Translational Neuropsychopharmacology Research of Nicotine Addiction

This study will examine the effects of combining Varenicline (VRN) and N-acetylcysteine (NAC) on neural circuitry function and treating nicotine addiction. Healthy adult nicotine dependent cigarette smokers interested in quitting (n=110) will be randomized to one of four PBO-controlled conditions for 4 weeks: 1) VRN+NAC, 2) VRN+PBO, 3) NAC+PBO or 4) PBO+PBO. Following 1 week of medication, participants will be contingently reinforced for 3 days of smoking abstinence and be scanned using functional magnetic resonance imaging (fMRI) techniques, while nicotine deprived during a resting state and a cue-reactivity (CR) task. Participants will be followed over the next 3 weeks of treatment and clinical variables will be assessed.

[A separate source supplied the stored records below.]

Lemma not_complete_left (a : R) (b : Rbar) x1 x2 :
  Rbar_lt a b -> filterlim x1 (at_right a) (Rbar_locally p_infty) -> ~ complete_left a b x1 x2.
Proof.
  intros Hab Hlim (y1 & y2 & Hgeo & Hext).
  destruct (Hgeo a (conj I Hab)) as (_ & Hder & _). destruct (Hder i1) as [Hd _].
  apply (finite_lim_not_pinfty (at_right a) y1 (y1 a)).
  - exact (filterlim_within_of_derive y1 a _ (y1 a) Hd eq_refl).
  - apply (filterlim_ext_loc x1); [|exact Hlim].
    apply (filter_imp (in_dom a b)); [|exact (in_dom_at_right a b Hab)].
    intros t Ht. symmetry. apply (Hext t Ht).
Qed.

Lemma not_complete_right (a : Rbar) (b : R) x1 x2 :
  Rbar_lt a b -> filterlim x1 (at_left b) (Rbar_locally p_infty) -> ~ complete_right a b x1 x2.
Proof.
  intros Hab Hlim (y1 & y2 & Hgeo & Hext).
  destruct (Hgeo b (conj Hab I)) as (_ & Hder & _). destruct (Hder i1) as [Hd _].
  apply (finite_lim_not_pinfty (at_left b) y1 (y1 b)).
  - exact (filterlim_within_of_derive y1 b _ (y1 b) Hd eq_refl).
  - apply (filterlim_ext_loc x1); [|exact Hlim].
    apply (filter_imp (in_dom a b)); [|exact (in_dom_at_left a b Hab)].
    intros t Ht. symmetry. apply (Hext t Ht).
Qed.

Lemma inv_blowup_within (f : R -> R) x (D : R -> Prop) :
  ex_derive f x -> f x = 0 -> within D (locally x) (fun t => 0 < f t) ->
  filterlim (fun t => / f t) (within D (locally x)) (Rbar_locally p_infty).
Proof.
  intros Hd Hf0 Hpos.
  apply (filterlim_comp _ _ _ f Rinv _ (at_right 0)); [|exact filterlim_Rinv_0_right].
  intros P [eps HP].
  assert (Hnear := filterlim_within_of_derive f x D 0 Hd Hf0 _ (locally_ball 0 eps)).
  apply (filter_imp _ _ (fun t Ht => HP (f t) (proj1 Ht) (proj2 Ht))).
  exact (filter_and _ _ Hnear Hpos).
Qed.

Lemma filterlim_affine_pinfty {T} (F : (T -> Prop) -> Prop) {FF : Filter F} (f : T -> R) c e be :
  filterlim f F (Rbar_locally p_infty) -> 0 < c -> (e = 1 \/ e = -1) ->
  filterlim (fun t => e * f t / c + be) F (Rbar_locally (if Rlt_dec 0 e then p_infty else m_infty)).
Proof.
  intros Hf Hc He. apply (filterlim_comp _ _ _ f (fun y => e * y / c + be) F (Rbar_locally p_infty)); [exact Hf|].
  intros P HP. destruct He as [-> | ->];
    destruct (Rlt_dec 0 _) as [Hsign | Hsign]; try lra; destruct HP as [M HM].
  - exists (c * (M - be)). intros y Hy. apply HM.
    assert (M - be < y / c) by (apply (Rmult_lt_reg_l c); [lra|]; field_simplify; lra). lra.
  - exists (c * (be - M)). intros y Hy. apply HM.
    assert (be - M < y / c) by (apply (Rmult_lt_reg_l c); [lra|]; field_simplify; lra). lra.
Qed.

Cigarette (henceforth nicotine) addiction is a chronic, relapsing brain disorder and remains the leading preventable cause of death and disability in the US, costing nearly $200 billion each year. Although \~20% of adults in the USA currently smoke, the majority want to quit. In spite of the breadth of research focused on improving health outcomes and reducing the societal burden caused by nicotine addiction, the majority of smokers who attempt to quit will relapse. Nicotine withdrawal-related disturbances in executive function, negative affect and reward processes compel a smoker to self-administer nicotine-each in turn representing the loss of control to remain abstinent and risk factors for relapse. Thus, identifying the effects of nicotine addiction on mechanisms of self-regulation, and the value of novel medications for remediating dysregulated behavior are both needed in order to enhance interventions for treating nicotine addiction. The preliminary data, along with the extant literature, suggest that the maintenance of nicotine addiction is subserved by dysregulated neural function in limbic-striatal and corticostriatal neural circuitry. While VRN may be effective in treating limbic-striatal circuitry that is associated with promoting abstinence and reducing acute withdrawal; NAC may be effective in treating corticostriatal circuitry function that is associated with relapse vulnerability. Thus, the current proposal seeks to investigate two medications (VRN \& NAC), with potentially complementary effects on the two different brain circuits- limbic-striatal (VRN) and corticostriatal (NAC) circuitry-and that may therapeutically target two different phases in the recovery of nicotine addiction-the promotion of abstinence (VRN) and relapse prevention (NAC). The placebo (PBO)-controlled design in this proposal will allow the team to identify and translate between the neurobiological substrates and the neurocognitive underpinnings of the effects of VRN+NAC on smoking behavior in humans-thus, advancing the understanding of the pathophysiology of nicotine addiction.